生きることに向いてない想像力っていうのは、たくさんあるんです。それをいい方に考える、平和利用の方法を増やすしかないかなっていう。「ちょっと楽になっただけで儲けものだ」って思っていた方が、多分悩みの大きさは減るはずですね。(12ページ)

 8 よくあるアニメやマンガのようにスイカの種を飛ばしたいのに飛ばせません。何かいい方法はありませんか?
 これもかわいい質問ですよね。確かにスイカの種は難しいですもん、ちっちゃいから。
 だから、おっきな種から練習するといいんじゃないでしょうか。

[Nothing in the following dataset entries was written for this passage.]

(* Let $A,B:\mathbb{N}\to\mathbb{R}$ be functions with $\sum_{m\mid n} A(m) = B(n)$ for all $n\in\mathbb{N}$, and let $r,s$ be reals with $s\le\min\{0,r\}$. Then for every $n\in\mathbb{N}$: (i) $\sum_{m\mid n} \frac{m^s}{\varphi(m)^r} A(m) = \sum_{k\mid n} g^{r,s}_{k,n/k} B(k)$. (ii) If $\alpha,\beta:\mathbb{N}\to\mathbb{R}_{>0}$ satisfy $\beta(N)=\sum_{m\mid N}\alpha(m)$ for all $N\in\mathbb{N}$, and $B(k)\ge\beta(k)$ for all positive divisors $k$ of $n$, then $\sum_{m\mid n} \frac{m^s}{\varphi(m)^r}A(m) \ge \sum_{m\mid n}\frac{m^s}{\varphi(m)^r}\alpha(m)$, with equality if and only if $B(k)=\beta(k)$ for every positive divisor $k$ of $n$ such that $g^{r,s}_{k,n/k}\ne 0$.
   Context: $\mu$ is the Möbius function, $\varphi$ is Euler's totient function, and for positive integers $m,j$, $g^{r,s}_{m,j} := \sum_{i\mid j} \frac{\mu(i)\,(mi)^s}{\varphi(mi)^r}$. $\mathbb{N}=\{1,2,3,\dots\}$. *)

From Stdlib Require Import Reals.
From mathcomp Require Import all_boot.

Set Implicit Arguments.
Unset Strict Implicit.
Unset Printing Implicit Defensive.

Local Open Scope R_scope.

Definition sumdiv (n : nat) (F : nat -> R) : R :=
  \big[Rplus/0]_(d <- divisors n) F d.

(* Moebius function: 0 at 0 (unused), (-1)^(#primes) if n is squarefree,
   0 otherwise. *)
Definition mobius (n : nat) : R :=
  if n == 0%N then 0
  else if all (fun p => logn p n == 1%N) (primes n)
       then (-1) ^ (size (primes n)) else 0.

Definition wt (r s : R) (m : nat) : R :=
  Rpower (INR m) s / Rpower (INR (totient m)) r.

Definition gfun (r s : R) (m j : nat) : R :=
  sumdiv j (fun i => mobius i * wt r s (m * i)).

From HB Require Import structures.
From Stdlib Require Import Reals Lra.
From mathcomp Require Import all_boot.

Set Implicit Arguments.
Unset Strict Implicit.
Unset Printing Implicit Defensive.

Open Scope R_scope.

(* Since B = 1 * A, Moebius inversion and resummation over m = k i turn the
   weighted sum of A into sum_(k | n) g_(k, n/k) B(k), which is part (i).
   For j = p^a j' with p a prime not dividing j', the Moebius sum defining g
   collapses to g_(m, j) = (1 - p^s / c^r) g_(m, j'), where c = phi(m p) / phi(m)
   is p or p - 1; as s <= min(0, r) this factor is nonnegative, so g >= 0.
   Part (ii) is part (i) applied to A - alpha and B - beta: the gap between the
   two weighted sums is the sum of the nonnegative terms g_(k, n/k) (B(k) - beta(k)). *)

Lemma RplusA : associative Rplus.
Proof. by move=> x y z; rewrite Rplus_assoc. Qed.

HB.instance Definition _ :=
  Monoid.isComLaw.Build R 0 Rplus RplusA Rplus_comm Rplus_0_l.
HB.instance Definition _ := Monoid.isMulLaw.Build R 0 Rmult Rmult_0_l Rmult_0_r.
HB.instance Definition _ :=
  Monoid.isAddLaw.Build R Rmult Rplus Rmult_plus_distr_r Rmult_plus_distr_l.

Section RealSums.
Variable I : Type.
Implicit Types (s : seq I) (P : pred I) (F G : I -> R).

Lemma sumR_sub s P F G :
  \big[Rplus/0]_(i <- s | P i) (F i - G i)
  = \big[Rplus/0]_(i <- s | P i) F i - \big[Rplus/0]_(i <- s | P i) G i.
Proof.
by rewrite /Rminus big_split (big_morph Ropp Ropp_plus_distr Ropp_0).
Qed.

Lemma sumR_ge0 s P F : (forall i, P i -> 0 <= F i) ->
  0 <= \big[Rplus/0]_(i <- s | P i) F i.
Proof. by move=> F_ge0; apply: big_ind => // [|x y]; lra. Qed.

End RealSums.

Lemma psumR_eq0 (I : eqType) (s : seq I) (F : I -> R) :
  (forall i, i \in s -> 0 <= F i) ->
  \big[Rplus/0]_(i <- s) F i = 0 <-> (forall i, i \in s -> F i = 0).
Proof.
move=> F_ge0; split=> [|F0]; last by rewrite big1_seq // => i /andP[_ /F0].
elim: s F_ge0 => [|a s IHs] // F_ge0; rewrite big_cons => sum0.
have Fa_ge0 := F_ge0 a (mem_head a s).
have sum_ge0 : 0 <= \big[Rplus/0]_(i <- s) F i.
  by rewrite big_seq; apply: sumR_ge0 => i si; apply: F_ge0; rewrite inE si orbT.
move=> i; rewrite inE => /orP[/eqP -> | si]; first lra.
apply: IHs si => [j sj|]; last lra.
by apply: F_ge0; rewrite inE sj orbT.
Qed.

Section DivisorSums.
Implicit Types (n m d : nat) (F G : nat -> R).

Lemma eq_sumdiv n F G : (0 < n)%N ->
  (forall d, (d %| n)%N -> F d = G d) -> sumdiv n F = sumdiv n G.
Proof.
move=> n_gt0 eqFG; rewrite /sumdiv big_seq [RHS]big_seq.
by apply: eq_bigr => d; rewrite -dvdn_divisors //; apply: eqFG.
Qed.

Lemma sumdiv_div n F : (0 < n)%N ->
  sumdiv n (fun d => F (n %/ d)%N) = sumdiv n F.
Proof.
move=> n_gt0; rewrite /sumdiv -(big_map (divn n) xpredT F).
have divnK' d : (d %| n)%N -> (n %/ (n %/ d))%N = d by move=> ?; rewrite divnA // mulKn.
apply/perm_big/uniq_perm; last 1 first.
- move=> e; rewrite -dvdn_divisors //; apply/mapP/idP => [[d] | dvd_en].
    by rewrite -dvdn_divisors // => dvd_dn ->; apply: dvdn_div.
  by exists (n %/ e)%N; rewrite ?divnK' // -dvdn_divisors ?dvdn_div.
- rewrite map_inj_in_uniq ?divisors_uniq // => d e.
  rewrite -!dvdn_divisors // => dvd_dn dvd_en eq_div.
  by rewrite -(divnK' d dvd_dn) eq_div divnK'.
- exact: divisors_uniq.
Qed.

Lemma sumdiv_dvd_sub n m G : (0 < n)%N -> (m %| n)%N ->
  sumdiv m G = \big[Rplus/0]_(d <- divisors n | (d %| m)%N) G d.
Proof.
move=> n_gt0 dvd_mn; have m_gt0 := dvdn_gt0 n_gt0 dvd_mn.
rewrite /sumdiv -[RHS]big_filter; apply/perm_big/uniq_perm.
- exact: divisors_uniq.
- by rewrite filter_uniq // divisors_uniq.
- move=> d; rewrite mem_filter -!dvdn_divisors //.
  by apply/idP/andP => [dvd_dm | []//]; split=> //; apply: dvdn_trans dvd_mn.
Qed.

Lemma sumdiv_dvd_mul n d G : (0 < n)%N -> (d %| n)%N ->
  \big[Rplus/0]_(m <- divisors n | (d %| m)%N) G m
  = sumdiv (n %/ d) (fun t => G (d * t)%N).
Proof.
move=> n_gt0 dvd_dn; have d_gt0 := dvdn_gt0 n_gt0 dvd_dn.
have q_gt0 : (0 < n %/ d)%N by rewrite divn_gt0 // dvdn_leq.
rewrite /sumdiv -big_filter -(big_map (muln d) xpredT G).
apply/perm_big/uniq_perm.
- by rewrite filter_uniq // divisors_uniq.
- rewrite map_inj_uniq ?divisors_uniq // => x y /eqP.
  by rewrite eqn_pmul2l // => /eqP.
- move=> m; rewrite mem_filter -dvdn_divisors //; apply/andP/mapP.
  + move=> [dvd_dm dvd_mn]; exists (m %/ d)%N; last by rewrite mulnC divnK.
    by rewrite -dvdn_divisors // dvdn_divRL // divnK.
  + move=> [t]; rewrite -dvdn_divisors // dvdn_divRL // => dvd_tdn ->.
    by rewrite dvdn_mulr // mulnC.
Qed.

Lemma sumdiv_pairs n (H : nat -> nat -> R) : (0 < n)%N ->
  sumdiv n (fun d => sumdiv (n %/ d) (H d))
  = sumdiv n (fun m => sumdiv m (fun d => H d (m %/ d)%N)).
Proof.
move=> n_gt0.
rewrite [RHS](eq_sumdiv n_gt0 (fun m dvd_mn => sumdiv_dvd_sub _ n_gt0 dvd_mn)).
rewrite /sumdiv (exchange_big_dep xpredT) //= -/(sumdiv _ _).
apply: eq_sumdiv => // d dvd_dn; rewrite sumdiv_dvd_mul //.
have d_gt0 := dvdn_gt0 n_gt0 dvd_dn.
by apply: eq_sumdiv => [|t _]; rewrite ?mulKn // divn_gt0 // dvdn_leq.
Qed.

End DivisorSums.

Lemma logn_pfactorM p k i : prime p -> (0 < i)%N -> coprime p i ->
  logn p (p ^ k * i) = k.
Proof.
move=> p_pr i_gt0 p_i; have p_gt0 := prime_gt0 p_pr.
by rewrite lognM ?expn_gt0 ?p_gt0 // pfactorK // logn_coprime // addn0.
Qed.

Lemma pdiv_factor n : (1 < n)%N ->
  exists p a j, [/\ prime p, (0 < a)%N, coprime p j, (0 < j < n)%N & n = p ^ a * j]%N.
Proof.
move=> n_gt1; have n_gt0 := ltnW n_gt1; set p := pdiv n.
have p_pr : prime p := pdiv_prime n_gt1.
have [j p_j n_eq] := pfactor_coprime p_pr n_gt0.
have a_gt0 : (0 < logn p n)%N by rewrite logn_gt0 mem_primes p_pr n_gt0 pdiv_dvd.
have j_gt0 : (0 < j)%N by move: n_gt0; rewrite n_eq muln_gt0 => /andP[].
exists p, (logn p n), j; split=> //; last by rewrite mulnC.
rewrite j_gt0 {1}n_eq mulnC ltn_Pmull //.
by rewrite -(expn0 p) ltn_exp2l ?prime_gt1.
Qed.

Lemma mobius1 : mobius 1 = 1.
Proof. by []. Qed.

Lemma mobius_logn_gt1 p d : prime p -> (1 < logn p d)%N -> mobius d = 0.
Proof.
move=> p_pr logn_gt1; rewrite /mobius; case: eqP => // /eqP d_neq0.
case: ifP => // /allP logn_eq1.
have : p \in primes d by rewrite -logn_gt0 ltnW.
by move=> /logn_eq1 /eqP logn1; rewrite logn1 in logn_gt1.
Qed.

Lemma mobius_mulp p i : prime p -> (0 < i)%N -> coprime p i ->
  mobius (p * i) = - mobius i.
Proof.
move=> p_pr i_gt0 p_i; have p_gt0 := prime_gt0 p_pr.
have p_ndvd_i : ~~ (p %| i)%N by rewrite -prime_coprime.
have primes_pi : perm_eq (primes (p * i)) (p :: primes i).
  apply: uniq_perm; first exact: primes_uniq.
    by rewrite /= primes_uniq andbT mem_primes (negbTE p_ndvd_i) !andbF.
  by move=> q; rewrite in_cons primesM // primes_prime // mem_seq1.
rewrite /mobius muln_eq0 !eqn0Ngt i_gt0 p_gt0 /=.
rewrite (perm_all _ primes_pi) (perm_size primes_pi) /=.
have -> : logn p (p * i) = 1%N by rewrite -{2}(expn1 p) logn_pfactorM.
rewrite /= (@eq_in_all _ _ (fun q => logn q i == 1)%N).
  by case: ifP => _ /=; lra.
move=> q; rewrite mem_primes => /and3P[q_pr _ q_dvd_i].
rewrite lognM // logn_prime //; case: (eqVneq q p) => [q_eq_p | //].
by rewrite -q_eq_p q_dvd_i in p_ndvd_i.
Qed.

Lemma sumdiv_pfactorM G p a j : prime p -> (0 < j)%N -> coprime p j ->
  sumdiv (p ^ a * j) G
  = \big[Rplus/0]_(0 <= k < a.+1) sumdiv j (fun i => G (p ^ k * i)%N).
Proof.
move=> p_pr j_gt0 p_j; have p_gt1 := prime_gt1 p_pr.
have n_gt0 : (0 < p ^ a * j)%N by rewrite muln_gt0 expn_gt0 ltnW.
rewrite /sumdiv -(big_allpairs_dep (h := fun k i => p ^ k * i)%N); apply/perm_big.
apply: uniq_perm; first exact: divisors_uniq.
  apply: allpairs_uniq; rewrite ?iota_uniq ?divisors_uniq //.
  move=> _ _ /allpairsP[[k i] [_ i_j ->]] /allpairsP[[k' i'] [_ i'_j ->]] /=.
  move: i_j i'_j; rewrite -!dvdn_divisors // => i_j i'_j eq_ki.
  have [i_gt0 i'_gt0] := (dvdn_gt0 j_gt0 i_j, dvdn_gt0 j_gt0 i'_j).
  have [p_i p_i'] := (coprime_dvdr i_j p_j, coprime_dvdr i'_j p_j).
  have eq_k : k = k' by rewrite -(logn_pfactorM k p_pr i_gt0 p_i) eq_ki logn_pfactorM.
  move: eq_ki; rewrite eq_k => /eqP.
  by rewrite eqn_pmul2l ?expn_gt0 ?(ltnW p_gt1) // => /eqP ->.
move=> d; rewrite -dvdn_divisors //.
apply/idP/allpairsP => [dvd_dn | [[k i] [/=]]]; last first.
  rewrite mem_index_iota ltnS -dvdn_divisors // => k_le_a i_j ->.
  by rewrite dvdn_mul ?dvdn_exp2l.
have [e p_e d_eq] := pfactor_coprime p_pr (dvdn_gt0 n_gt0 dvd_dn).
exists (logn p d, e); rewrite /= mem_index_iota ltnS -dvdn_divisors // mulnC -d_eq.
split=> //.
  have pk_dvd_n : (p ^ logn p d %| p ^ a * j)%N.
    by rewrite (dvdn_trans _ dvd_dn) // pfactor_dvdnn.
  by rewrite leq0n -(dvdn_Pexp2l _ _ p_gt1) -(Gauss_dvdl _ (coprimeXl _ p_j)).
have e_dvd_n : (e %| p ^ a * j)%N by rewrite (dvdn_trans _ dvd_dn) // d_eq dvdn_mulr.
by rewrite -(@Gauss_dvdr e (p ^ a) j) // coprime_sym coprimeXl.
Qed.


Lemma sumdiv_mobius_pfactorM F p a j :
  prime p -> (0 < a)%N -> (0 < j)%N -> coprime p j ->
  sumdiv (p ^ a * j) (fun i => mobius i * F i)
  = sumdiv j (fun i => mobius i * (F i - F (p * i)%N)).
Proof.
move=> p_pr a_gt0 j_gt0 p_j; rewrite sumdiv_pfactorM // big_ltn // big_ltn //.
rewrite big1_seq => [|k /andP[_]]; last first.
  rewrite mem_index_iota => /andP[k_gt1 _]; apply: big1_seq => i.
  rewrite -dvdn_divisors // => i_j; have i_gt0 := dvdn_gt0 j_gt0 i_j.
  by rewrite (@mobius_logn_gt1 p) ?Rmult_0_l // logn_pfactorM // (coprime_dvdr i_j).
rewrite Rplus_0_r /sumdiv -big_split; apply: eq_sumdiv => // i i_j.
have i_gt0 := dvdn_gt0 j_gt0 i_j.
by rewrite expn0 mul1n expn1 mobius_mulp // ?(coprime_dvdr i_j) //=; ring.
Qed.

Lemma sumdiv_mobius n : (0 < n)%N -> sumdiv n mobius = if n == 1%N then 1 else 0.
Proof.
case: (ltngtP n 1) => [|n_gt1 _|-> _]; [by case: n | | by rewrite /sumdiv big_seq1].
have [p [a [j [p_pr a_gt0 p_j /andP[j_gt0 _] n_eq]]]] := pdiv_factor n_gt1.
transitivity (sumdiv n (fun i => mobius i * 1)).
  by apply: eq_sumdiv => [|d _]; [exact: ltnW | ring].
rewrite n_eq sumdiv_mobius_pfactorM // /sumdiv big1 // => i _; ring.
Qed.

Lemma sumdiv_mobius_conv (f : nat -> R) N : (0 < N)%N ->
  sumdiv N (fun t => sumdiv (N %/ t) (fun i => mobius i * f (t * i)%N)) = f 1%N.
Proof.
move=> N_gt0; rewrite sumdiv_pairs //.
transitivity (sumdiv N (fun u => f u * if u == 1%N then 1 else 0)).
  apply: eq_sumdiv => // u u_N; have u_gt0 := dvdn_gt0 N_gt0 u_N.
  rewrite -sumdiv_mobius // -(sumdiv_div mobius u_gt0) /sumdiv big_distrr.
  by apply: eq_sumdiv => // t t_u; rewrite /= (mulnC t) divnK // Rmult_comm.
rewrite /sumdiv (bigD1_seq 1%N) ?divisor1 ?divisors_uniq //= big1 => [|u /negbTE ->].
  by rewrite Rmult_1_r Rplus_0_r.
by rewrite Rmult_0_r.
Qed.

Lemma totient_mulp x p : prime p -> (0 < x)%N ->
  totient (x * p) = (totient x * (if p %| x then p else p.-1))%N.
Proof.
move=> p_pr x_gt0; have [y p_y x_eq] := pfactor_coprime p_pr x_gt0.
move: (logn p x) x_eq => e ->; rewrite -mulnA -expnSr.
have y_pk k : coprime y (p ^ k) by rewrite coprime_sym coprimeXl.
rewrite !totient_coprime // totient_pfactor //.
case: e => [|e].
  have p_ndvd_y : ~~ (p %| y)%N by rewrite -prime_coprime.
  by rewrite !expn0 !muln1 (negbTE p_ndvd_y).
rewrite totient_pfactor // dvdn_mull ?(dvdn_exp2l p (_ : 1 <= e.+1)%N) //.
by rewrite expnSr !mulnA.
Qed.

Lemma Rpower_gt0 x y : 0 < Rpower x y.
Proof. exact: exp_pos. Qed.

Lemma wt_gt0 r s m : 0 < wt r s m.
Proof. exact: Rdiv_lt_0_compat (Rpower_gt0 _ _) (Rpower_gt0 _ _). Qed.

Lemma wt_mulp r s x p : prime p -> (0 < x)%N ->
  wt r s (x * p) = wt r s x *
    (Rpower (INR p) s / Rpower (INR (if p %| x then p else p.-1)) r).
Proof.
move=> p_pr x_gt0; rewrite /wt totient_mulp // !mult_INR.
set c := (if _ then _ else _)%N.
have INR_gt0 k : (0 < k)%N -> 0 < INR k by move=> k_gt0; apply/lt_0_INR/ltP.
have [Rx_gt0 Rp_gt0 Rt_gt0 Rc_gt0] :
    [/\ 0 < INR x, 0 < INR p, 0 < INR (totient x) & 0 < INR c].
  split; apply: INR_gt0; rewrite ?totient_gt0 //; try exact: prime_gt0.
  by rewrite /c; case: ifP => _; rewrite ?ltn_predRL ?prime_gt1 ?prime_gt0.
rewrite -!Rpower_mult_distr //.
by field; split; apply: Rgt_not_eq; apply: Rpower_gt0.
Qed.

たとえばアボガドとか。
 種の大きさをいろいろ調べて、そこからだんだん柿の種とか、少しずつちっちゃくしていけば、最終的にスイカみたいなちっちゃいサイズの種でも、上手に飛ばせるようになるんじゃないかと思います。(14ページ)

 14 子どもはヨシタケさんの本が大好きでよく図書館から借りてきますが、読んでいる割にものごとを深く考えません。どうすれば先生のように深く考えることが身につくでしょうか。
 人間が何かを考えるときって、やっぱりそのときどきで適正な量を考えるので、たとえば今お子さんが本を楽しく読んでいて、でも深く考えていないのだとしたら、それはきっとお子さんにとって、それが一番適量だからなんですね。
 深く考えるっていう行為が、今のお子さんにとっては必要じゃないからなので、深く考えさせようとする必要はないと思います。
 多分、そこを無理に増やしても減らしても良くなくて。必要ができたときにはじめて、自分で深く考えはじめるはずなので、「どうすれば考える量を増やせるか」っていうのは、大人が考えなくてもいいと思います。
 深く考えたからといって、より良い答えが出せるとも限らないですからね。考えないからこそグイグイ行けちゃう人もいるし、深く考えるからこそ、臆病で進めなくなっちゃう人もいるので。まさにケースバイケースだと思います。(16ページ)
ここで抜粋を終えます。